## Required work
Give the data a second time, exactly and in full.

## Given data
Lemma Binf_blocks k : exists P M, [/\ k <= P, P <= 2 * M,
  forall i, i < 2 * M -> Binf (P + i) = if odd i then 2 else 1 &
  forall i, i < 4 * M -> Binf (P + 2 * M + i) = if odd i then 3 else 1].
Proof.
exists (size (Bprefix k)), (2 ^ (2 * k + 1)).
have sizeP := size_Bprefix k.
have sizeB : size (Bword k.+1) = 6 * 2 ^ (2 * k + 1).
  by rewrite BwordS size_cat !size_flatten_nseq /=; lia.
split=> [||i hi|i hi]; first exact: leq_size_Bprefix; first by lia.
  rewrite Binf_Bword ?sizeB; last by lia.
  by rewrite BwordS nth_cat size_flatten_nseq /= hi nth_flatten_nseq2.
rewrite -addnA Binf_Bword ?sizeB; last by lia.
rewrite BwordS nth_cat size_flatten_nseq /= ltnNge leq_addr addKn.
by rewrite /= nth_flatten_nseq2 // mulnA.
Qed.
End Itinerary.

Section CesaroBlocks.
Variable R : realFieldType.
Implicit Types (y : nat -> R) (a b g c L eta : R).

Lemma sum_alternating a b n :
  \sum_(i < 2 * n) (if odd i then b else a) = n%:R * (a + b).
Proof.
elim: n => [|n IH]; first by rewrite muln0 big_ord0 mul0r.
rewrite (_ : 2 * n.+1 = (2 * n).+2)%N; last by rewrite mulnS addnC addn2.
by rewrite !big_ord_recr /= IH /= oddM /= -[n.+1]addn1 natrD; ring.
Qed.

Lemma sum_alternating_near y P n a b c :
  (forall i, (i < 2 * n)%N -> `|y (P + i)%N - (if odd i then b else a)| <= c) ->
  `|\sum_(i < 2 * n) y (P + i)%N - n%:R * (a + b)| <= (2 * n)%:R * c.
Proof.
move=> y_close; rewrite -sum_alternating -sumrB.
apply: le_trans (ler_norm_sum _ _ _) _.
rewrite mulr_natl -[X in c *+ X](card_ord (2 * n)) -sumr_const.
by apply: ler_sum => i _; apply: y_close.
Qed.

Lemma cesaro_sum_near y L eta : 0 < eta ->
  n%:R^-1 * \sum_(j < n) y j @[n --> \oo] --> L ->
  exists N0, forall n, (N0 <= n)%N -> `|\sum_(j < n) y j - n%:R * L| <= n%:R * eta.
Proof.
move=> eta0 /cvgrPdist_le /(_ eta eta0) [N0 _ mean_close].
exists N0.+1 => -[//|n] hn; have n0 : 0 < n.+1%:R :> R by rewrite ltr0n.
rewrite -[X in `|X - _|](mulVKf (lt0r_neq0 n0)) -mulrBr normrM gtr0_norm //.
by rewrite ler_pM2l // distrC; apply: mean_close; rewrite /= ltnW.
Qed.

## Task response
Lemma Binf_blocks k : exists P M, [/\ k <= P, P <= 2 * M,
  forall i, i < 2 * M -> Binf (P + i) = if odd i then 2 else 1 &
  forall i, i < 4 * M -> Binf (P + 2 * M + i) = if odd i then 3 else 1].
Proof.
exists (size (Bprefix k)), (2 ^ (2 * k + 1)).
have sizeP := size_Bprefix k.
have sizeB : size (Bword k.+1) = 6 * 2 ^ (2 * k + 1).
  by rewrite BwordS size_cat !size_flatten_nseq /=; lia.
split=> [||i hi|i hi]; first exact: leq_size_Bprefix; first by lia.
  rewrite Binf_Bword ?sizeB; last by lia.
  by rewrite BwordS nth_cat size_flatten_nseq /= hi nth_flatten_nseq2.
rewrite -addnA Binf_Bword ?sizeB; last by lia.
rewrite BwordS nth_cat size_flatten_nseq /= ltnNge leq_addr addKn.
by rewrite /= nth_flatten_nseq2 // mulnA.
Qed.
End Itinerary.

Section CesaroBlocks.
Variable R : realFieldType.
Implicit Types (y : nat -> R) (a b g c L eta : R).

Lemma sum_alternating a b n :
  \sum_(i < 2 * n) (if odd i then b else a) = n%:R * (a + b).
Proof.
elim: n => [|n IH]; first by rewrite muln0 big_ord0 mul0r.
rewrite (_ : 2 * n.+1 = (2 * n).+2)%N; last by rewrite mulnS addnC addn2.
by rewrite !big_ord_recr /= IH /= oddM /= -[n.+1]addn1 natrD; ring.
Qed.

Lemma sum_alternating_near y P n a b c :
  (forall i, (i < 2 * n)%N -> `|y (P + i)%N - (if odd i then b else a)| <= c) ->
  `|\sum_(i < 2 * n) y (P + i)%N - n%:R * (a + b)| <= (2 * n)%:R * c.
Proof.
move=> y_close; rewrite -sum_alternating -sumrB.
apply: le_trans (ler_norm_sum _ _ _) _.
rewrite mulr_natl -[X in c *+ X](card_ord (2 * n)) -sumr_const.
by apply: ler_sum => i _; apply: y_close.
Qed.

Lemma cesaro_sum_near y L eta : 0 < eta ->
  n%:R^-1 * \sum_(j < n) y j @[n --> \oo] --> L ->
  exists N0, forall n, (N0 <= n)%N -> `|\sum_(j < n) y j - n%:R * L| <= n%:R * eta.
Proof.
move=> eta0 /cvgrPdist_le /(_ eta eta0) [N0 _ mean_close].
exists N0.+1 => -[//|n] hn; have n0 : 0 < n.+1%:R :> R by rewrite ltr0n.
rewrite -[X in `|X - _|](mulVKf (lt0r_neq0 n0)) -mulrBr normrM gtr0_norm //.
by rewrite ler_pM2l // distrC; apply: mean_close; rewrite /= ltnW.
Qed.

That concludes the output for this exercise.